=== Given data ===

Lemma bform_shift G (w : R) x :
  bform (fun i j => G i j - w * (i == j)%:R) x x = bform G x x - w * \sum_i x i ^+ 2.
Proof.
rewrite /bform mulr_sumr -sumrB; apply: eq_bigr => i _.
rewrite (eq_bigr (fun j => x i * x j * G i j - w * (x i * x j * (i == j)%:R)));
  last by move=> j _; ring.
have diag : \sum_j x i * x j * (i == j)%:R = x i ^+ 2.
  rewrite (bigD1 i) //= eqxx mulr1 big1 ?addr0 ?expr2 // => j /negbTE ji.
  by rewrite eq_sym ji mulr0.
by rewrite sumrB -mulr_sumr diag.
Qed.

Lemma bformZ G a b x y :
  bform G (fun i => a * x i) (fun j => b * y j) = a * b * bform G x y.
Proof.
rewrite /bform mulr_sumr; apply: eq_bigr => i _.
by rewrite mulr_sumr; apply: eq_bigr => j _; ring.
Qed.

Lemma bform_eigenvector G (w : R) e : (forall j, \sum_i e i * G i j = w * e j) ->
  bform G e e = w * \sum_j e j ^+ 2.
Proof.
move=> he; rewrite /bform exchange_big mulr_sumr; apply: eq_bigr => j _ /=.
under eq_bigr do rewrite mulrAC.
by rewrite -mulr_suml he; ring.
Qed.

End BilinearForm.

Lemma bform_lift0 (R : comPzRingType) n (G : 'I_n.+1 -> 'I_n.+1 -> R) x : x ord0 = 0 ->
  bform G x x = bform (fun i j => G (lift ord0 i) (lift ord0 j))
                      (fun i => x (lift ord0 i)) (fun i => x (lift ord0 i)).
Proof.
move=> x0; rewrite /bform big_ord_recl big1 ?add0r => [|j _]; last by rewrite x0 !mul0r.
apply: eq_bigr => i _.
by rewrite big_ord_recl x0 mulr0 mul0r add0r.
Qed.

Section Rayleigh.
Variable R : realType.
Local Notation C := R[i].
Local Open Scope complex_scope.

Lemma rayleigh_lb n (A : 'M[C]_n) w : adjmx A = A ->
  (forall x, eigenvalue A x -> w <= x) ->
  forall z : 'cV_n, w * (adjmx z *m z) 0 0 <= (adjmx z *m A *m z) 0 0.
Proof.
move=> hA hw z.
have /orthomx_spectralP A_spectral : A \is normalmx.
  by apply/normalmxP; rewrite -adjmxE hA.
set P := spectralmx A in A_spectral; set sp := spectral_diag A in A_spectral.
have P_unit : P \in unitmx by exact: spectral_unit.
have P_inv : invmx P = adjmx P by rewrite invmx_unitary ?adjmxE ?spectral_unitarymx.
have sp_ge i : w <= sp 0 i.
  apply: hw; apply/eigenvalueP; exists (row i P).
    rewrite -row_mul {1}A_spectral !mulmxA mulmxV // mul1mx.
    by apply/rowP => j; rewrite mul_diag_mx !mxE.
  apply/negP => /eqP row0.
  have : row i (P *m invmx P) = 0 by rewrite row_mul row0 mul0mx.
  by rewrite mulmxV // => /rowP /(_ i); rewrite !mxE eqxx /= => /eqP; rewrite oner_eq0.
(* in the eigenbasis both forms are diagonal *)
set y := P *m z.
have -> : adjmx z *m A *m z = adjmx y *m diag_mx sp *m y.
  by rewrite {1}A_spectral P_inv /y adjmxM !mulmxA.
have -> : adjmx z *m z = adjmx y *m y.
  by rewrite /y adjmxM -mulmxA [adjmx P *m _]mulmxA -P_inv mulVmx // mul1mx.
clearbody y; rewrite -subr_ge0 !mxE mulr_sumr -sumrB; apply: sumr_ge0 => i _.
rewrite mul_mx_diag !mxE; set u := conjc _.
have -> : u * sp 0 i * y i 0 - w * (u * y i 0) = (sp 0 i - w) * (y i 0 * u) by ring.
by rewrite mulr_ge0 ?subr_ge0 ?mulcJ_ge0.
Qed.
(* Let $G$ be a graph, $k\ge1$ an integer, and $G_k$ the graph obtained from $G$ by cloning each vertex exactly $k-1$ times. Then, as polynomials, $$P(G_k;u,x)=P\big(G;u,(1+x)^k-1\big),$$ and consequently $$q(G_k;x,y)=q\Big(G;(x-1)\frac{y^k-1}{y-1}+1,\;y^k\Big).$$
   Context: All graphs are finite and undirected, without multiple edges but possibly with self loops. For $A\subseteq V$, $G[A]$ is the induced subgraph; $rk(G)$ is the $\mathbb{F}_2$-rank of the adjacency matrix $(m_{ij})$ ($m_{ij}=1$ iff $\{i,j\}\in E$; $m_{ii}=1$ iff $i$ has a self loop; empty graph: rank $0$). $q(G;x,y)=\sum_{A\subseteq V}(x-1)^{rk(G[A])}(y-1)^{|A|-rk(G[A])}$ and $P(G;u,x)=\sum_{A\subseteq V}x^{|A|}u^{rk(G[A])}$, with $0^0=1$; here $\frac{y^k-1}{y-1}=1+y+\dots+y^{k-1}$. The graph $G_k$ has vertex set $\{a_i: a\in V,\ 1\le i\le k\}$; for distinct $a,b\in V$, $a_i$ and $b_j$ are adjacent iff $\{a,b\}\in E$; $a_i,a_j$ are adjacent (for $i=j$: $a_i$ has a self loop) iff $a$ has a self loop in $G$. *)

From HB Require Import structures.
From mathcomp Require Import all_boot all_order all_algebra.
Set Implicit Arguments. Unset Strict Implicit. Unset Printing Implicit Defensive.
Import GRing.Theory.
Local Open Scope ring_scope.

(* A graph on a finite vertex type T is an adjacency relation e : rel T,
   assumed symmetric (undirected); e a a means a has a self loop. *)

Definition adjmx (T : finType) (e : rel T) (A : {set T}) : 'M['F_2]_#|A| :=
  \matrix_(i < #|A|, j < #|A|)
     (e (@enum_val T (mem A) i) (@enum_val T (mem A) j))%:R.

Definition rk (T : finType) (e : rel T) (A : {set T}) : nat := \rank (adjmx e A).

Definition Pgraph (R : comPzRingType) (T : finType) (e : rel T) (u x : R) : R :=
  \sum_(A : {set T}) x ^+ #|A| * u ^+ rk e A.

Definition qgraph (R : comPzRingType) (T : finType) (e : rel T) (x y : R) : R :=
  \sum_(A : {set T}) (x - 1) ^+ rk e A * (y - 1) ^+ (#|A| - rk e A)%N.

Definition clone (T : finType) (e : rel T) (k : nat) : rel (T * 'I_k)%type :=
  fun p q => if p.1 != q.1 then e p.1 q.1 else e p.1 p.1.
Arguments clone {T} e k.

From HB Require Import structures.
From mathcomp Require Import all_boot all_order all_algebra.
Import GRing.Theory.
Set Implicit Arguments. Unset Strict Implicit.
Local Open Scope ring_scope.

(* A subset B of the vertices T * 'I_k of G_k is the same thing as its family
   of fibres f a = {i | (a, i) \in B}.  Adjacency in G_k only depends on first
   coordinates, so the adjacency matrix of G_k[B] and that of G[A], where A is
   the support {a | f a != set0}, are square submatrices of one another, whence
   rk(G_k[B]) = rk(G[A]); moreover |B| = |A| + \sum_(a in A) (|f a| - 1).
   Grouping the sum over B by the support A therefore turns any summand
   Phi(rk, |B|) that is geometric in |B| with ratio z into
   Phi(rk(G[A]), |A|) times one factor \sum_(S != set0) z^(|S|-1) per vertex
   of A, and this factor equals \sum_(i < k) (1 + z)^i by the binomial theorem
   (lemma sum_clone).  Both P and q have summands of this shape; the theorem
   follows by the geometric-sum identity (1+w)^k - 1 = w \sum_(i<k) (1+w)^i. *)

Lemma mxrank_mxsub (F : fieldType) (m n : nat) (M : 'M[F]_m) (g : 'I_n -> 'I_m) :
  (\rank (mxsub g g M) <= \rank M)%N.
Proof.
have -> : mxsub g g M = rowsub g 1%:M *m (M *m colsub g 1%:M).
  by rewrite mulmx_colsub mulmx1 -mxsub_mul mul1mx.
exact: leq_trans (mxrankM_maxr _ _) (mxrankM_maxl _ _).
Qed.

Lemma rk_le_card (T : finType) (e : rel T) (A : {set T}) : (rk e A <= #|A|)%N.
Proof. exact: rank_leq_row. Qed.

(* Rank is monotone along maps A1 -> A2 that preserve adjacency (loops
   included): the adjacency matrix of A1 is then a submatrix of that of A2. *)
Lemma rk_le_adjacency_preserving (T1 T2 : finType) (e1 : rel T1) (e2 : rel T2)
    (A1 : {set T1}) (A2 : {set T2}) (phi : T1 -> T2) :
  {in A1, forall p, phi p \in A2} ->
  {in A1 &, forall p q, e1 p q = e2 (phi p) (phi q)} ->
  (rk e1 A1 <= rk e2 A2)%N.
Proof.
move=> phiA phi_e.
pose g (i : 'I_#|A1|) : 'I_#|A2| :=
  enum_rank_in (phiA _ (enum_valP i)) (phi (enum_val i)).
have gK i : enum_val (g i) = phi (enum_val i).
  by rewrite enum_rankK_in // phiA // enum_valP.
rewrite /rk; suff -> : adjmx e1 A1 = mxsub g g (adjmx e2 A2) by apply: mxrank_mxsub.
by apply/matrixP => i j; rewrite !mxE !gK phi_e ?enum_valP.
Qed.

Lemma clone_adj (T : finType) (e : rel T) (k : nat) (p q : T * 'I_k) :
  clone e k p q = e p.1 q.1.
Proof. by rewrite /clone; case: (eqVneq p.1 q.1) => [->|]. Qed.

Lemma sum_subsets_by_card (R : nmodType) (n : nat) (g : nat -> R) :
  \sum_(S : {set 'I_n}) g #|S| = \sum_(j < n.+1) g j *+ 'C(n, j).
Proof.
transitivity (\sum_(S : {set 'I_n}) \sum_(j < n.+1 | #|S| == j) g j).
  apply: eq_bigr => S _.
  have S_small : (#|S| < n.+1)%N by rewrite ltnS -[leqRHS](card_ord n) max_card.
  by rewrite (big_pred1 (Ordinal S_small)).
rewrite (exchange_big_dep xpredT) //=; apply: eq_bigr => j _.
rewrite sumr_const -[X in 'C(X, _)](card_ord n) -card_draws.
by congr (_ *+ _); apply: eq_card => S; rewrite inE.
Qed.

Lemma sum_binomial_shift (R : comPzRingType) (z : R) (n : nat) :
  \sum_(j < n) z ^+ j *+ 'C(n, j.+1) = \sum_(i < n) (1 + z) ^+ i.
Proof.
elim: n => [|n IH]; first by rewrite !big_ord0.
rewrite [RHS]big_ord_recr /= -IH.
under eq_bigr => j _ do rewrite binS mulrnDr.
rewrite big_split /= -exprD1n [(1 + z)]addrC; congr (_ + _).
by rewrite big_ord_recr /= bin_small // mulr0n addr0.
Qed.

Lemma sum_nonempty_subsets (R : comPzRingType) (n : nat) (z : R) :
  \sum_(S : {set 'I_n} | S != set0) z ^+ (#|S|).-1 = \sum_(i < n) (1 + z) ^+ i.
Proof.
rewrite -sum_binomial_shift; apply: (@addrI _ 1).
have := sum_subsets_by_card n (fun j => z ^+ j.-1).
rewrite (bigD1 set0) //= cards0 big_ord_recl /= bin0 mulr1n => ->.
by congr (_ + _); apply: eq_bigr => i _; rewrite lift0.
Qed.

Section Fibres.
Variables (T : finType) (k : nat).

Definition set_of_fibres (f : {ffun T -> {set 'I_k}}) : {set T * 'I_k} :=
  [set p | p.2 \in f p.1].
Definition fibres (B : {set T * 'I_k}) : {ffun T -> {set 'I_k}} :=
  [ffun a => [set i | (a, i) \in B]].
Definition support (f : {ffun T -> {set 'I_k}}) : {set T} :=
  [set a | f a != set0].

Lemma set_of_fibresK : cancel set_of_fibres fibres.
Proof. by move=> f; apply/ffunP => a; apply/setP => i; rewrite ffunE !inE. Qed.

Lemma fibresK : cancel fibres set_of_fibres.
Proof. by move=> B; apply/setP => -[a i]; rewrite !inE ffunE inE. Qed.

Lemma sum_over_fibres (R : nmodType) (W : {set T * 'I_k} -> R) :
  \sum_B W B = \sum_(f : {ffun T -> {set 'I_k}}) W (set_of_fibres f).
Proof.
rewrite (reindex set_of_fibres) //; apply: onW_bij.
exact: Bijective set_of_fibresK fibresK.
Qed.

Lemma card_set_of_fibres (f : {ffun T -> {set 'I_k}}) :
  #|set_of_fibres f| = (#|support f| + \sum_(a in support f) (#|f a|).-1)%N.
Proof.
have -> : #|set_of_fibres f| = (\sum_a #|f a|)%N.
  rewrite -sum1_card (partition_big fst xpredT) //=; apply: eq_bigr => a _.
  rewrite -sum1_card (reindex (pair a)) /=; last first.
    by exists snd => [i|[b i] /andP[_ /eqP /= <-]].
  by apply: eq_bigl => i; rewrite inE eqxx andbT.
rewrite (bigID (mem (support f))) /= [X in (_ + X)%N]big1 => [|a]; last first.
  by rewrite inE negbK => /eqP ->; rewrite cards0.
rewrite addn0 -sum1_card -big_split /=; apply: eq_bigr => a.
by rewrite inE -card_gt0 => /prednK.
Qed.

(* G_k[B] and G[A] have the same rank, A the support of the fibres of B:
   projecting to T maps B onto A, and choosing one clone in each nonempty
   fibre maps A back into B, both preserving adjacency. *)
Lemma rk_clone (e : rel T) (f : {ffun T -> {set 'I_k}}) :
  rk (clone e k) (set_of_fibres f) = rk e (support f).
Proof.
apply/eqP; rewrite eqn_leq; apply/andP; split.
  apply: (@rk_le_adjacency_preserving _ _ _ _ _ _ fst) => [p|p q _ _].
    by rewrite !inE => pf; apply/set0Pn; exists p.2.
  exact: clone_adj.
have [->|[a0 a0_supp]] := set_0Vmem (support f).
  by rewrite (leq_trans (rk_le_card e set0)) // cards0.
have [i0 _] : {i0 : 'I_k | i0 \in f a0}.
  by move: a0_supp; rewrite inE => /set0Pn/sigW.
pose phi a := (a, odflt i0 [pick i in f a]).
apply: (@rk_le_adjacency_preserving _ _ _ _ _ _ phi) => [a|a b _ _].
  rewrite !inE /phi /= => /set0Pn[i fai].
  by case: pickP => [j //|/(_ i)]; rewrite fai.
by rewrite clone_adj.
Qed.

Lemma sum_by_support (R : comPzRingType) (F : {set T} -> R)
    (w : {set 'I_k} -> R) :
  \sum_(f : {ffun T -> {set 'I_k}}) F (support f) * \prod_(a in support f) w (f a)
  = \sum_(A : {set T}) F A * (\sum_(S : {set 'I_k} | S != set0) w S) ^+ #|A|.
Proof.
rewrite (partition_big support xpredT) //=; apply: eq_bigr => A _.
rewrite -prodr_const (big_distr_big_dep set0) /= mulr_sumr.
apply: eq_big => [f|f /eqP <- //].
apply/eqP/pfamilyP => [<- | [suppA fA]].
  by split; [apply/subsetP => a; rewrite !inE | move=> a; rewrite inE].
apply/setP => a; rewrite inE; case: (boolP (a \in A)) => [/fA //|aNA].
by apply: contraNF aNA => fa0; apply: (subsetP suppA); rewrite inE.
Qed.

End Fibres.

Lemma sum_clone (R : comPzRingType) (T : finType) (e : rel T) (k : nat)
    (z : R) (Phi : nat -> nat -> R) :
  (forall r n m, (r <= n)%N -> Phi r (n + m)%N = Phi r n * z ^+ m) ->
  \sum_(B : {set T * 'I_k}) Phi (rk (clone e k) B) #|B|
  = \sum_(A : {set T}) Phi (rk e A) #|A| * (\sum_(i < k) (1 + z) ^+ i) ^+ #|A|.
Proof.
move=> PhiD; rewrite sum_over_fibres -sum_nonempty_subsets.
rewrite -(sum_by_support (fun A => Phi (rk e A) #|A|)
                           (fun S => z ^+ (#|S|).-1)).
apply: eq_bigr => f _.
by rewrite rk_clone card_set_of_fibres PhiD ?rk_le_card // prodrXr.
Qed.

Theorem mainTheorem4 (T : finType) (e : rel T) (e_sym : symmetric e)
    (k : nat) (k_pos : (0 < k)%N) (R : comPzRingType) (u x y : R) :
  Pgraph (clone e k) u x = Pgraph e u ((1 + x) ^+ k - 1) /\
  qgraph (clone e k) x y =
    qgraph e ((x - 1) * (\sum_(i < k) y ^+ i) + 1) (y ^+ k).
Proof.
have geometric (w : R) : (1 + w) ^+ k - 1 = w * \sum_(i < k) (1 + w) ^+ i.
  by rewrite subrX1 [1 + w]addrC addrK.
split.
  rewrite /Pgraph (sum_clone e k (z:=x) (Phi:=fun r n => x ^+ n * u ^+ r)).
    by apply: eq_bigr => A _; rewrite geometric exprMn mulrAC.
  by move=> r n m _; rewrite exprD mulrAC.
rewrite /qgraph (sum_clone e k (z:=y - 1)
           (Phi:=fun r n => (x - 1) ^+ r * (y - 1) ^+ (n - r))).
  rewrite [1 + _]addrC subrK; set c := \sum_(i < k) y ^+ i.
  apply: eq_bigr => A _; rewrite addrK subrX1 -/c !exprMn.
  by rewrite -[X in c ^+ X](subnKC (rk_le_card e A)) exprD mulrACA.
by move=> r n m rn; rewrite -addnBAC // exprD mulrA.
Qed.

===

• Instructions to follow
Pull out all lines of the data with the string "PhiD".

• Solution below
move=> PhiD; rewrite sum_over_fibres -sum_nonempty_subsets.
by rewrite rk_clone card_set_of_fibres PhiD ?rk_le_card // prodrXr.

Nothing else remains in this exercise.